Traders are observing a period of consolidation before anticipating the next significant price movement. Some analysts predict a potential drop below $100,000. Despite this, others maintain a bullish outlook, viewing the current price action as a temporary setback within a larger uptrend. Michaël van de Poppe, a crypto analyst, suggests that even a pullback to $97,500-$98,000 would still be consistent with an overall upward trajectory, paving the way for new all-time highs.

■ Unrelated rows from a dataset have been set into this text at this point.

Lemma fg_modulo V (S W : V -> Prop) (l : seq V) :
  submodule S -> submodule W -> (forall v, v \in l -> S v) ->
  fg (fun x => S x /\ W x) ->
  (forall x, S x -> exists y, lin_span (fun v => v \in l) y /\ W (x - y)) -> fg S.
Proof.
move=> hS hW lS [l' [l'S l'gen]] hmod.
exists (l ++ l'); split=> [v|x Sx]; first by rewrite mem_cat => /orP [/lS|/l'S []].
have [y [y_span Wxy]] := hmod x Sx.
have Sy : S y by apply: lspan_min y_span.
have [_ SD _] := lspan_submodule (fun v => v \in l ++ l').
rewrite -(subrK y x); apply: SD.
- apply: lspan_mono (l'gen _ (conj (submodB hS Sx Sy) Wxy)) => v hv.
  by rewrite mem_cat hv orbT.
- by apply: lspan_mono y_span => v hv; rewrite mem_cat hv.
Qed.

Definition lead_ideal V (W S : V -> Prop) (v : V) (c : R^o) :=
  exists x, W x /\ S (x + c *: v).

Lemma lead_ideal_submodule V (W S : V -> Prop) v :
  submodule W -> submodule S -> submodule (lead_ideal W S v).
Proof.
move=> [W0 WD WZ] [S0 SD SZ]; split.
- by exists 0; rewrite scale0r addr0.
- move=> c1 c2 [x1 [W1 S1]] [x2 [W2 S2]]; exists (x1 + x2); split; first exact: WD.
  by have := SD _ _ S1 S2; rewrite scalerDl addrACA.
- move=> a c [x [Wx Sx]]; exists (a *: x); split; first exact: WZ.
  by have := SZ a _ Sx; rewrite scalerDr scalerA.
Qed.

Hypothesis R_noeth : noetherian_ring R.

Lemma noetherian_ideal_fg (I : R^o -> Prop) : submodule I -> fg I.
Proof.
move=> hI; have [n [v hv]] := R_noeth (I := I) hI.
exists [seq v i | i <- index_enum 'I_n]; split.
- move=> _ /mapP [i _ ->]; apply/hv; exists (fun j => (j == i)%:R).
  rewrite (bigD1 i) //= eqxx mul1r big1 ?addr0 // => j /negbTE ->; by rewrite mul0r.
- move=> x /hv [c ->]; apply: (lspan_ord (P := fun u : R^o => u \in _)) => i.
  by apply: map_f; rewrite mem_index_enum.
Qed.

(* Induction on the spanning list v :: vs: with
   W = span vs, the ideal of leading coefficients of S along v is generated
   by some c_i; lifting them to elements wit c_i + c_i v of S spans S modulo
   W, and S n W is finitely generated by induction. *)
Lemma fg_sub_span V (vs : seq V) (S : V -> Prop) :
  submodule S -> (forall x, S x -> lin_span (fun u => u \in vs) x) -> fg S.
Proof.
elim: vs S => [|v vs IH] S hS S_span.
  exists [::]; split=> [//|x Sx].
  have -> : x = 0 by apply: lspan_nil; apply: lspan_mono (S_span x Sx).
  by case: (lspan_submodule (fun u : V => u \in [::])).
pose W := lin_span (fun u => u \in vs); have hW : submodule W := lspan_submodule _.
have hSW : submodule (fun x => S x /\ W x).
  case: hS hW => [S0 SD SZ] [W0 WD WZ]; split=> //.
  - by move=> x y [??] [??]; split; [apply: SD|apply: WD].
  - by move=> a x [??]; split; [apply: SZ|apply: WZ].
have [cl [clI cl_gen]] := noetherian_ideal_fg (lead_ideal_submodule v hW hS).
pose wit c := epsilon (inhabits 0) (fun x => W x /\ S (x + c *: v)).
have witP c : lead_ideal W S v c -> W (wit c) /\ S (wit c + c *: v).
  exact: (epsilon_spec (inhabits 0) (fun x => W x /\ S (x + c *: v))).
apply: (fg_modulo (l := [seq wit c + c *: v | c <- cl]) hS hW).
- by move=> _ /mapP [c /clI /witP [] _ ? ->].
- by apply: IH => // x [].
move=> x Sx.
have [d [x' [Wx' ex]]] : exists d x', W x' /\ x = d *: v + x'.
  by apply: lspan_cons; apply: lspan_mono (S_span x Sx) => u; rewrite inE => /orP [/eqP|]; auto.
have lead_d : lead_ideal W S v d by exists x'; rewrite addrC -ex.
have [lst [lst_cl ed]] := cl_gen d lead_d; rewrite ex ed.
exists (\sum_(p <- lst) p.1 *: (wit p.2 + p.2 *: v)); split.
  exists [seq (p.1, wit p.2 + p.2 *: v) | p <- lst]; split; last by rewrite /comb big_map.
  by move=> q /mapP [p /lst_cl hp ->]; apply: map_f.
have -> : \sum_(p <- lst) p.1 *: (wit p.2 + p.2 *: v) =
          \sum_(p <- lst) p.1 *: wit p.2 + comb lst *: v.
  by rewrite /comb scaler_suml -big_split; apply: eq_bigr => p _; rewrite scalerDr scalerA.
rewrite [comb lst *: v + x']addrC opprD addrACA subrr addr0; apply: (submodB hW Wx').
rewrite big_seq; apply: submod_sum => // p /lst_cl /clI /witP [Wp _].
by case: hW => _ _; apply.
Qed.

Lemma noetherian_fg (N : lmodType R) : fin_gen N -> forall S : N -> Prop, submodule S -> fg S.
Proof.
move=> [n [v hv]] S hS; apply: (fg_sub_span (vs := [seq v i | i <- index_enum 'I_n])) => // x _.
by have [c ->] := hv x; apply: lspan_ord => i; apply: map_f; rewrite mem_index_enum.
Qed.
End FiniteGeneration.

Section Maximality.
Variables (R : comUnitRingType) (V : lmodType R).
Hypothesis V_noeth : forall S : V -> Prop, submodule S -> fg S.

The market’s indecision stems from Bitcoin’s dual nature: a “digital gold” hedge against inflation and a risk-on asset. This internal tension obscures its directional certainty, potentially leading to short-term sideways trading. QCP Capital highlights this tug-of-war, suggesting range-bound movement is likely as the macro narrative shifts from protectionism to renewed trade optimism.
Conversely, Binance CEO Richard Teng emphasizes Bitcoin’s strong performance against traditional markets. He points to double-digit gains following key global events, showcasing Bitcoin’s resilience and outperformance of gold, the S&P 500, and the Nasdaq year-to-date. This underscores Bitcoin’s growing appeal as an alternative asset, indicating strong momentum despite recent price fluctuations. However, all investment decisions involve risk, and thorough research is crucial before committing capital.